> [What you are asked to do]: Return the following from the records below: each line, word for word, starting with the line that contains "assert (Hln : 0" and going on through the line that contains "eapply Rle_trans.", with nothing outside that range.

<<<<

(* The Krull dimension of $\mathcal{A}(\bm{p})$ is infinite: for every $N\in\mathbb{N}$ there is a strictly decreasing chain $P_{N+1}\subsetneq P_N\subsetneq\cdots\subsetneq P_1$ of proper prime ideals of $\mathcal{A}(\bm{p})$.
   Context: Fix $\bm{p}:\mathbb{N}_0\to(0,\infty)$ with $\lim_{n\to\infty}\bm{p}(n)^{1/n}=\infty$. For an entire function $f$ write $f(z)=\sum_{n\ge0}\widehat f(n)z^n$. $\mathcal{A}(\bm{p})$ is the set of entire functions $f$ with $\sup_{n\ge 0}\bm{p}(n)|\widehat f(n)|<\infty$, with pointwise addition and scalar multiplication and the weighted Hadamard product $(f\ast g)(z)=\sum_{n\ge0}\bm{p}(n)\widehat f(n)\widehat g(n)z^n$; it is a commutative unital ring. The Krull dimension of a commutative ring is the supremum of lengths of chains of distinct proper prime ideals. *)

From HB Require Import structures.
From mathcomp Require Import all_boot all_order all_algebra.
From mathcomp Require Import complex.
From mathcomp Require Import all_classical all_reals all_analysis.
Set Implicit Arguments. Unset Strict Implicit. Unset Printing Implicit Defensive.
Import Order.TTheory GRing.Theory Num.Theory ComplexField.
Local Open Scope ring_scope.
Local Open Scope classical_set_scope.

(* An entire function f is identified with its Taylor coefficient sequence
   n |-> \hat f(n).  Elements of A(p) are the coefficient sequences a with
   sup_n p(n) |a(n)| < oo (such sequences automatically define entire
   functions since p(n)^(1/n) -> oo). *)

Section Apdef.
Variable R : realType.

Definition admissible_weight (p : nat -> R) : Prop :=
  (forall n, 0 < p n) /\
  ((fun n : nat => powR (p n) (n%:R)^-1) @ \oo --> +oo).

Definition inA (p : nat -> R) (a : nat -> R[i]) : Prop :=
  exists M : R, forall n, p n * Normc.normc (a n) <= M.

Definition Azero : nat -> R[i] := fun _ => 0.
Definition Aadd (a b : nat -> R[i]) : nat -> R[i] := fun n => a n + b n.
Definition Aopp (a : nat -> R[i]) : nat -> R[i] := fun n => - a n.
Definition Amul (p : nat -> R) (a b : nat -> R[i]) : nat -> R[i] :=
  fun n => ((p n)%:C)%C * a n * b n.

Definition is_ideal (p : nat -> R) (I : set (nat -> R[i])) : Prop :=
  [/\ (forall a, I a -> inA p a),
      I Azero,
      (forall a b, I a -> I b -> I (Aadd a b)),
      (forall a, I a -> I (Aopp a)) &
      (forall r a, inA p r -> I a -> I (Amul p r a))].

Definition is_proper_ideal (p : nat -> R) (I : set (nat -> R[i])) : Prop :=
  is_ideal p I /\ exists a, inA p a /\ ~ I a.

Definition is_prime_ideal (p : nat -> R) (I : set (nat -> R[i])) : Prop :=
  is_proper_ideal p I /\
  forall a b, inA p a -> inA p b -> I (Amul p a b) -> I a \/ I b.

Definition strict_subset (I J : set (nat -> R[i])) : Prop :=
  I `<=` J /\ exists a, J a /\ ~ I a.

End Apdef.

From HB Require Import structures.
From mathcomp Require Import all_boot all_order all_algebra.
From mathcomp Require Import complex.
From mathcomp Require Import all_classical all_reals all_analysis.
From mathcomp Require Import zify.
Set Implicit Arguments. Unset Strict Implicit. Unset Printing Implicit Defensive.
Import Order.TTheory GRing.Theory Num.Theory.
Local Open Scope ring_scope.
Local Open Scope classical_set_scope.

(* Write |a|_n := p(n) |a(n)| for the weighted modulus of
   a coefficient sequence, so that A(p) consists of the sequences with
   sup_n |a|_n < oo and the weighted Hadamard product is multiplicative for
   it: |a * b|_n = |a|_n |b|_n.  Fix a nonprincipal ultrafilter U on N.  For a
   "rate" d : N -> (0, 1/2] the set
       P_d = { a in A(p) : for every m, |a|_n <= d(n)^m for U-almost all n }
   is a proper prime ideal (primality is where U being an ultrafilter is
   used), and if d' <= d^m holds U-almost everywhere for every m, then
   P_d' is strictly contained in P_d, the witness being the sequence of
   weighted modulus d'.  The rates d_k(n) = 2^-(n^k + 1) satisfy
   d_(k+1) <= d_k^m for all large n, hence U-almost everywhere, and the
   ideals P_(d_k), k = 1 .. N+1, form the required chain. *)

Lemma normc_real (R : realType) (x : R) : Normc.normc (x%:C)%C = `|x|.
Proof. by rewrite /Normc.normc /= expr0n addr0 sqrtr_sqr. Qed.

Lemma normc_ge0 (R : realType) (z : R[i]) : 0 <= Normc.normc z.
Proof. by case: z => x y; rewrite /Normc.normc sqrtr_ge0. Qed.

(* A bounded quantity is eventually killed by powers of 1/2; this lets the
   ideals P_d absorb products with arbitrary elements of A(p). *)
Lemma half_powers_absorb (R : realType) (M : R) : exists j, M * 2^-1 ^+ j <= 1.
Proof.
have [j /andP[_ M_lt]] := unstable.leq_ltn_expn (Num.Def.truncn M).
exists j.+1; rewrite exprVn ler_pdivrMr ?exprn_gt0 // mul1r.
by apply: ltW; apply: lt_le_trans (truncnS_gt M) _; rewrite -natrX ler_nat ltnW.
Qed.

Section WeightedModulus.
Variables (R : realType) (p : nat -> R).
Hypothesis p_gt0 : forall n, 0 < p n.

Definition wmod (a : nat -> R[i]) (n : nat) : R := p n * Normc.normc (a n).

Lemma wmod_ge0 a n : 0 <= wmod a n.
Proof. by rewrite mulr_ge0 ?normc_ge0 // ltW. Qed.

Lemma wmod0 n : wmod (@Azero R) n = 0.
Proof. by rewrite /wmod Normc.normc0 mulr0. Qed.

Lemma wmodD a b n : wmod (Aadd a b) n <= wmod a n + wmod b n.
Proof. by rewrite /wmod -mulrDr ler_wpM2l ?le_normcD // ltW. Qed.

Lemma wmodN a n : wmod (Aopp a) n = wmod a n.
Proof. by rewrite /wmod /Aopp normcN. Qed.

Lemma wmodM a b n : wmod (Amul p a b) n = wmod a n * wmod b n.
Proof.
rewrite /wmod /Amul !Normc.normcM normc_real gtr0_norm //.
by rewrite !mulrA; congr (_ * _); rewrite mulrAC.
Qed.

Definition with_wmod (c : nat -> R) : nat -> R[i] := fun n => (c n / p n)%:C%C.

Lemma wmod_with_wmod c n : 0 < c n -> wmod (with_wmod c) n = c n.
Proof.
move=> c_gt0; rewrite /wmod normc_real gtr0_norm ?divr_gt0 //.
by rewrite mulrC divfK // lt0r_neq0.
Qed.

End WeightedModulus.

Definition rate (R : realType) (d : nat -> R) : Prop :=
  forall n, 0 < d n <= 2^-1.

Section DecayIdeals.
Variables (R : realType) (p : nat -> R) (U : set_system nat).
Hypothesis p_gt0 : forall n, 0 < p n.
Hypothesis U_ultra : UltraFilter U.

Definition decay_ideal (d : nat -> R) (a : nat -> R[i]) : Prop :=
  inA p a /\ forall m, U [set n | wmod p a n <= d n ^+ m].

Lemma ultra_ex (A : set nat) : U A -> exists n, A n.
Proof. exact: filter_ex. Qed.

Lemma rate_not_above_square (d : nat -> R) : rate d ->
  ~ U [set n | d n <= d n ^+ 2].
Proof.
move=> d_rate /ultra_ex [n /=]; have /andP[d_gt0 d_le] := d_rate n.
rewrite expr2 ler_pMr // leNgt => /negP; apply.
by apply: le_lt_trans d_le _; rewrite invf_lt1 // ltr1n.
Qed.

(* Closure of P_d under sums: 2 d^(m+1) <= d^m since d <= 1/2. *)
Lemma decay_idealD d a b : rate d ->
  decay_ideal d a -> decay_ideal d b -> decay_ideal d (Aadd a b).
Proof.
move=> d_rate [[Ma Ma_bd] a_dec] [[Mb Mb_bd] b_dec]; split.
  exists (Ma + Mb) => n.
  exact: le_trans (wmodD p_gt0 a b n) (lerD (Ma_bd n) (Mb_bd n)).
move=> m; apply: filterS (filterI (a_dec m.+1) (b_dec m.+1)) => n [/= an bn].
have /andP[/ltW d_ge0 d_le] := d_rate n.
apply: le_trans (wmodD p_gt0 a b n) (le_trans (lerD an bn) _).
rewrite -mulr2n -mulr_natr exprS mulrAC ler_piMl ?exprn_ge0 //.
by rewrite -ler_pdivlMr // div1r.
Qed.

Lemma decay_idealN d a : decay_ideal d a -> decay_ideal d (Aopp a).
Proof.
move=> [[M M_bd] a_dec]; split.
  by exists M => n; have := wmodN p a n; rewrite /wmod => ->.
by move=> m; apply: filterS (a_dec m) => n /=; rewrite wmodN.
Qed.

(* Absorption: a bounded factor is compensated by finitely many powers of d. *)
Lemma decay_idealM d r a : rate d ->
  inA p r -> decay_ideal d a -> decay_ideal d (Amul p r a).
Proof.
move=> d_rate [M M_bd] [[Ma Ma_bd] a_dec].
have M_bd' n : wmod p r n <= M := M_bd n.
have M_ge0 : 0 <= M := le_trans (wmod_ge0 p_gt0 r 0) (M_bd' 0%N).
split.
  exists (M * Ma) => n; have := wmodM p_gt0 r a n; rewrite {1}/wmod => ->.
  by rewrite ler_pM ?wmod_ge0 //; exact: Ma_bd.
move=> m; have [j Mj] := half_powers_absorb M.
apply: filterS (a_dec (m + j)%N) => n /= an; rewrite wmodM //.
have /andP[/ltW d_ge0 d_le] := d_rate n.
apply: le_trans (ler_pM (wmod_ge0 p_gt0 _ _) (wmod_ge0 p_gt0 _ _) (M_bd' n) an) _.
rewrite exprD mulrCA ler_piMr ?exprn_ge0 //; apply: le_trans Mj.
by rewrite ler_wpM2l //; apply: lerXn2r; rewrite ?nnegrE ?invr_ge0.
Qed.

Lemma decay_ideal_is_ideal d : rate d -> is_ideal p (decay_ideal d).
Proof.
move=> d_rate; split.
- by move=> a [].
- split; first by exists 0 => n; have := wmod0 p n; rewrite /wmod => ->.
  move=> m; apply: filterS (@filterT _ U _) => n _.
  by have /andP[/ltW d_ge0 _] := d_rate n; rewrite /= wmod0 exprn_ge0.
- by move=> a b; exact: decay_idealD.
- exact: decay_idealN.
- by move=> r a; exact: decay_idealM.
Qed.

(* The unit of A(p) (weighted modulus 1) does not decay. *)
Lemma decay_ideal_proper d : rate d -> is_proper_ideal p (decay_ideal d).
Proof.
move=> d_rate; split; first exact: decay_ideal_is_ideal.
have one n : wmod p (with_wmod p (fun=> 1)) n = 1 by rewrite wmod_with_wmod.
exists (with_wmod p (fun=> 1)); split.
  by exists 1 => n; have := one n; rewrite /wmod => ->.
move=> [_ /(_ 2%N) sq]; apply: (rate_not_above_square d_rate).
apply: filterS sq => n /=; rewrite one; apply: le_trans.
by have /andP[_ d_le] := d_rate n; apply: le_trans d_le _; rewrite invf_le1 ?ler1n.
Qed.

(* Ultrafilter dichotomy: an element of A(p) outside P_d stays above some
   power of d, U-almost everywhere. *)
Lemma not_decay_ideal d a : inA p a -> ~ decay_ideal d a ->
  exists m, U [set n | d n ^+ m < wmod p a n].
Proof.
move=> a_in a_out; apply: contrapT => no_m; apply: a_out; split=> // m.
have [//|a_above] := in_ultra_setVsetC [set n | wmod p a n <= d n ^+ m] U_ultra.
exfalso; apply: no_m; exists m.
by apply: filterS a_above => n /= /negP; rewrite ltNge.
Qed.

(* Primality: if a, b lie outside P_d then their product stays above
   d^(m_a + m_b) on a set of U. *)
Lemma decay_ideal_prime d : rate d -> is_prime_ideal p (decay_ideal d).
Proof.
move=> d_rate; split; first exact: decay_ideal_proper.
move=> a b a_in b_in [_ ab_dec].
have [a_dec|a_out] := pselect (decay_ideal d a); first by left.
have [b_dec|b_out] := pselect (decay_ideal d b); first by right.
have [ma a_above] := not_decay_ideal a_in a_out.
have [mb b_above] := not_decay_ideal b_in b_out.
have [n [[/= an bn]]] :=
  ultra_ex (filterI (filterI a_above b_above) (ab_dec (ma + mb)%N)).
have /andP[/ltW d_ge0 _] := d_rate n.
by rewrite /= wmodM // exprD leNgt ltr_pM ?exprn_ge0.
Qed.

(* If d' lies U-almost everywhere below every power of d, then P_d' is
   strictly smaller than P_d: the sequence of weighted modulus d' separates
   them. *)
Lemma decay_ideal_strict d d' : rate d' ->
  (forall m, U [set n | d' n <= d n ^+ m]) ->
  strict_subset (decay_ideal d') (decay_ideal d).
Proof.
move=> d'_rate d'_below; split.
  move=> a [a_in a_dec]; split=> // m.
  apply: filterS (filterI (a_dec 1%N) (d'_below m)) => n [/= an dn].
  by rewrite expr1 in an; exact: le_trans dn.
have d'_gt0 n : 0 < d' n by have /andP[] := d'_rate n.
have w_eq n : wmod p (with_wmod p d') n = d' n by rewrite wmod_with_wmod.
exists (with_wmod p d'); split; last first.
  move=> [_ /(_ 2%N) sq]; apply: (rate_not_above_square d'_rate).
  by apply: filterS sq => n /=; rewrite w_eq.
split; last by move=> m; apply: filterS (d'_below m) => n /=; rewrite w_eq.
by exists 2^-1 => n; have := w_eq n; rewrite /wmod => ->; case/andP: (d'_rate n).
Qed.

End DecayIdeals.

Definition power_rate (R : realType) (k n : nat) : R := 2^-1 ^+ (n ^ k).+1.

Lemma power_rate_rate (R : realType) k : rate (power_rate R k).
Proof.
move=> n; rewrite exprn_gt0 ?invr_gt0 //= ler_iXnr // ?invr_ge0 //.
by rewrite invf_le1 // ler1n.
Qed.

(* d_(k+1) <= d_k^m as soon as n > 2m, since n^(k+1) + 1 >= m (n^k + 1). *)
Lemma power_rate_faster (R : realType) k m :
  \forall n \near \oo, power_rate R k.+1 n <= power_rate R k n ^+ m.
Proof.
exists (2 * m).+1 => // n /= n_gt.
rewrite /power_rate -exprM ler_wiXn2l ?invr_ge0 ?invf_le1 ?ler1n //.
have : (0 < n ^ k)%N by rewrite expn_gt0; apply/orP; left; lia.
rewrite expnS; nia.
Qed.

Theorem mainTheorem13 (R : realType) (p : nat -> R) (hp : admissible_weight p)
  (N : nat) :
  exists P : nat -> set (nat -> R[i]),
    (forall k, (1 <= k <= N.+1)%N -> is_prime_ideal p (P k)) /\
    (forall k, (1 <= k <= N)%N -> strict_subset (P k.+1) (P k)).
Proof.
have [p_gt0 _] := hp.
(* a nonprincipal ultrafilter: it contains every cofinite set *)
have [U [U_ultra U_cofinite]] := ultraFilterLemma (@eventually_filter).
exists (fun k => decay_ideal p U (power_rate R k)); split.
  by move=> k _; exact: (decay_ideal_prime p_gt0 U_ultra (power_rate_rate R k)).
move=> k _; apply: (decay_ideal_strict p_gt0 U_ultra (power_rate_rate R k.+1)).
by move=> m; apply: U_cofinite; exact: (power_rate_faster R k m).
Qed.
Theorem theorem3 (b c f : R -> R) (beta a Q C' : R) (lamN : bool) :
  Ck01 4 b -> Ck01 4 c -> Ck01 4 f ->
  0 < beta -> (forall t, 0 <= t <= 1 -> beta < b t) ->
  (forall t, 0 <= t <= 1 -> 0 <= c t) ->
  0 < a -> 0 < Q < 1 -> (exists p q : Z, q <> 0%Z /\ Q = IZR p / IZR q) ->
  0 < C' ->
  exists C : R, 0 < C /\
  forall (eps : R) (N J : nat) (u u0 : R -> R) (W : nat -> R) (eta1 eta2 : R),
    0 < eps < 1 -> (0 < N)%nat -> INR J = Q * INR N ->
    let lam := if lamN then INR N else / eps in
    let xi := a * eps / beta * ln lam in
    xi <= Q ->
    let x := mesh xi N J in
    Ck01 2 u ->
    (forall t, 0 < t < 1 -> - eps * Derive_n u 2 t - b t * Derive u t + c t * u t = f t) ->
    u 0 = 0 -> u 1 = 0 ->
    Ck01 2 u0 ->
    (forall t, 0 < t < 1 -> - b t * Derive u0 t + c t * u0 t = f t) ->
    u0 1 = 0 ->
    let w := fun t => u t - u0 t in
    W 0%nat = - u0 0 ->
    (forall i, (1 <= i <= N - 1)%nat -> LN eps b c x W i = eps * Derive_n u0 2 (x i)) ->
    W N = 0 ->
    0 <= eta1 -> 0 <= eta2 ->
    (forall i, (1 <= i <= J - 1)%nat -> Rabs (tau eps b x w i) <= C' * eta1 / eps) ->
    (forall i, (J <= i <= N - 1)%nat -> Rabs (tau eps b x w i) <= C' * eta2) ->
    forall i, (i <= N)%nat ->
      Rabs (w (x i) - W i) <= C * Rmax (eta1 * ln lam) eta2.
Proof.
  intros Hb _ _ Hbeta Hbb Hcc Ha HQ _ HC'.
  destruct (Ck01_bounded_above 4 b Hb) as [Bm HBm].
  set (K := exp Bm + / beta).
  set (C1 := C' * a * (1 + 2 * K) / (beta * beta)).
  assert (HK : 0 < K) by (pose proof (exp_pos Bm); pose proof (Rinv_0_lt_compat beta Hbeta); unfold K; lra).
  assert (HC1 : 0 < C1) by (apply Rdiv_lt_0_compat; [apply Rmult_lt_0_compat|]; nra).
  assert (HCb : 0 < C' / beta) by (apply Rdiv_lt_0_compat; lra).
  exists (C1 + C' / beta). split; [lra|].
  intros eps N J u u0 W eta1 eta2 Heps HN HJ lam xi Hxi x Hu Hode Hu0z Hu1 Hu0 Hode0 Hu01 w
    HW0 HWeq HWN He1 He2 Ht1 Ht2 i Hi.
  pose proof (mesh_index_bounds Q N J HQ HN HJ) as HJN.
  assert (Hln : 0 < ln lam) by (apply ln_lambda_pos; [lra | lia]).
  assert (Hxi01 : 0 < xi < 1).
  { split; [|lra]. apply Rmult_lt_0_compat; [apply Rdiv_lt_0_compat; nra | lra]. }
  assert (Hb' : forall t, 0 <= t <= 1 -> beta <= b t <= Bm).
  { intros t Ht. split; [apply Rlt_le, Hbb | apply HBm]; exact Ht. }
  assert (HLe : forall k, (1 <= k <= N - 1)%nat ->
                  LN eps b c x (fun j => w (x j) - W j) k = tau eps b x w k).
  { intros k Hk. pose proof (mesh_interior xi N J Hxi01 HJN k Hk).
    apply (LN_error_eq_tau eps b c f x u u0 W k Hu Hu0); auto. }
  eapply Rle_trans.
  { apply (mesh_error_le eps beta Bm b c xi N J (proj1 Heps) Hbeta Hxi01 HJN Hb' Hcc
             (fun j => w (x j) - W j) (C' * eta1 / eps) (C' * eta2)); try exact Hi.
    - apply Rdiv_le_0_compat; nra.
    - nra.
    - assert (Hx0 : x 0%nat = 0) by exact (mesh_0 xi N J HJN).
      unfold w. rewrite Hx0, HW0, Hu0z. ring.
    - assert (HxN : x N = 1) by exact (mesh_N xi N J HJN).
      unfold w. rewrite HxN, HWN, Hu1, Hu01. ring.
    - intros k Hk. rewrite HLe by lia. apply Ht1; exact Hk.
    - intros k Hk. rewrite HLe by lia. apply Ht2; exact Hk. }
  fold K. replace ((1 + 2 * K) * xi * (C' * eta1 / eps) / beta + C' * eta2 / beta)
    with (C1 * (eta1 * ln lam) + C' / beta * eta2) by (unfold C1, xi; field; lra).
  pose proof (Rmax_l (eta1 * ln lam) eta2). pose proof (Rmax_r (eta1 * ln lam) eta2).
  assert (C1 * (eta1 * ln lam) <= C1 * Rmax (eta1 * ln lam) eta2) by (apply Rmult_le_compat_l; lra).
  assert (C' / beta * eta2 <= C' / beta * Rmax (eta1 * ln lam) eta2) by (apply Rmult_le_compat_l; lra).
  lra.
Qed.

>>>>

> [Your response]:
  assert (Hln : 0 < ln lam) by (apply ln_lambda_pos; [lra | lia]).
  assert (Hxi01 : 0 < xi < 1).
  { split; [|lra]. apply Rmult_lt_0_compat; [apply Rdiv_lt_0_compat; nra | lra]. }
  assert (Hb' : forall t, 0 <= t <= 1 -> beta <= b t <= Bm).
  { intros t Ht. split; [apply Rlt_le, Hbb | apply HBm]; exact Ht. }
  assert (HLe : forall k, (1 <= k <= N - 1)%nat ->
                  LN eps b c x (fun j => w (x j) - W j) k = tau eps b x w k).
  { intros k Hk. pose proof (mesh_interior xi N J Hxi01 HJN k Hk).
    apply (LN_error_eq_tau eps b c f x u u0 W k Hu Hu0); auto. }
  eapply Rle_trans.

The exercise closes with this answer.